Packing. And unpacking. That’s how it felt anyway.

In the past few weeks of our post-Kindergarten, first ever school-free summer (since you need to have started school to be out of school), my daughter Clare, my wife and I spent a week vacationing at the beach and took a few other day trips to places like parks, museums and zoos. For the whole summer, it seemed, we were either getting ready to go somewhere or just getting back.

It may sound like I’m exaggerating, but you parents know that packing and preparing to go out—even for a day—can just about fill another day. You know you do.

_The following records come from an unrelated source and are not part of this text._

(* The function $v$ satisfies, and is determined by, the following conditions, valid for every integer $n\ge 0$: \begin{itemize} \item $v(0)=0$; \item $v(2n+1)=v(n)$; \item $v(4n+2)=v(2n)+v(n)+b(n)-1$; \item $v(4n+4)=v(2n+2)+v(n)+b(n)-1$. \end{itemize} Equivalently, since $a(n)=v(n)+b(n)-1$, the last two conditions read $v(4n+2)=v(2n)+a(n)$ and $v(4n+4)=v(2n+2)+a(n)$.
   Context: Let $\Sigma^*$ denote the free monoid of finite words over the alphabet $\{0,1,2\}$, with concatenation as product; the empty word is allowed. A word $x_0x_1\cdots x_k\in\Sigma^*$ with $x_0\neq 0$ is a hyperbinary expansion of the nonnegative integer $\sum_{i=0}^k x_i2^{k-i}$. The empty word is the unique hyperbinary expansion of $0$. Write $\mathcal H(n)$ for the set of hyperbinary expansions of $n$, and $b(n)=|\mathcal H(n)|$. The graph $A(n)$ is the directed graph with vertex set $\mathcal H(n)$. Its arcs are the single-step reductions between elements of $\mathcal H(n)$, each carrying one of two labels: \begin{itemize} \item pairs $(\mathbf x02\mathbf y,\mathbf x10\mathbf y)$ and $(2\mathbf y,10\mathbf y)$ are arcs labeled $\to$; \item pairs $(\mathbf x12\mathbf y,\mathbf x20\mathbf y)$ are arcs labeled $\twoheadrightarrow$; \end{itemize} here $\mathbf x,\mathbf y\in\Sigma^*$ and both words must belong to $\mathcal H(n)$. $A(n)$ is connected. Let $a(n)$ be the number of arcs of $A(n)$, and let $v(n)=a(n)-b(n)+1$ be its cyclomatic number, i.e. the cyclomatic number of the underlying undirected graph. *)

From mathcomp Require Import all_boot all_algebra.
Set Implicit Arguments. Unset Strict Implicit. Unset Printing Implicit Defensive.
Import GRing.Theory Num.Theory.

(* Words over {0,1,2} are represented as seq nat whose letters are <= 2. *)

(* Value of a word x_0 ... x_k : sum x_i 2^(k-i) (Horner, most significant first). *)
Definition hval (w : seq nat) : nat := foldl (fun acc d => acc * 2 + d) 0 w.

Definition is_hyper (n : nat) (w : seq nat) : bool :=
  [&& all (fun d => d <= 2) w,
      (if w is d :: _ then d != 0 else true) & hval w == n].

Fixpoint words (k : nat) : seq (seq nat) :=
  if k is k'.+1 then [seq d :: w | d <- [:: 0; 1; 2], w <- words k'] else [:: [::]].

(* H(n): a hyperbinary expansion of n has length <= n (for n >= 1 the leading
   digit is nonzero, so a word of length k+1 has value >= 2^k >= k+1; for n = 0
   only the empty word), so filtering words of length <= n lists all of H(n),
   each exactly once. *)
Definition H (n : nat) : seq (seq nat) :=
  [seq w <- flatten [seq words k | k <- iota 0 n.+1] | is_hyper n w].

When I was single, I’d leave the house for a day with no more than the clothes I was wearing and my wallet. What guy needed anything else? For an overnight trip, I’d drop a change of clothes and a toothbrush into a backpack. Going away for a week didn’t take much more than a bigger backpack. It made getting away a lot easier and more spontaneous. Now, with only one kid, I take more going out for a few hours than I used to take for a weekend away. Going somewhere overnight with my daughter is the equivalent of packing for a week as a single guy. And a week’s vacation with kids—that’s the equivalent of moving. I’m serious. I used to move apartments with less than we take on vacation now. I could fit all of it into the back of a van—and I didn’t need one of those cartop Big Mac-type carriers for extra stuff.

The way I see it, people fall into a few different categories of packing for vacations. There are the early planners—they may or may not make a list, but they always have a solid idea of what they’re going to bring and usually start collecting it early. There are precision packers—militant organizers who (in their opinion) pack exactly the right amount into a suitcase in exactly the right configuration. Precision packers can also fit suitcases, bags, toys and beach chairs into the back of a car with all the mad skills required of an extreme game of Tetris. There are take-everything packers—they might start with a list or might not, but they end up emptying the house and squeezing everything they own into every last nook and cranny of a suitcase. I guess you never know when you’re going to need three different scents of nail polish remover or textures of hair gel in an emergency, and you can’t trust that you’ll be able to buy these things in some remote uncivilized outback in the United States where you’re taking the kids. Finally, there are the last minute packers—these procrastinators might take too much or too little, they might even just throw their things into a shopping bag or something else grabbed at the last minute, but they always wait until just before leaving to get anything together. Obviously, people can fall into a few different categories. I, for example, am an early-planning, take-everything, last minute packer. I decide early what I’ll need, but I wait until the day we’re leaving to get it together, and end up bringing a lot more than we’ll use—but not always everything we need.

To offset my last minute leanings, I try to plan ahead more and more. Even to go out for a day, I track down the backpack the night before and make a mental list of what we might need: sunscreen, camera, snacks, a jacket or umbrella if it might be cool or rainy, maybe even a change of clothes. I still wait until the last minute to stuff it all together though. And I usually forget something—like some napkins or wipes to clean up after a popsicle or donut.

Earlier this week, Clare and I met a friend of mine and her son for a day out at a museum. As I was complaining that I should have brought something to wipe a chocolate milk mustache off of my daughter’s face, my friend offered me one from her bag. I guess this is where I should apologize to more organized dads for furthering the stereotype that mothers are better prepared for anything than fathers are; it probably comes a woman’s experience with packing anything she’d need into a purse or handbag. My friend also offered a suggestion. So they can get out quickly for a day, she said, she keeps a bag packed and always ready to go.

A bag always ready to go? This is my first summer as a stay-at-home Dad, but I probably should have thought of that myself. It could make getting away a lot quicker and spontaneous. And I’d spend less time packing and unpacking. Not very clever of me to not think of that myself, was it?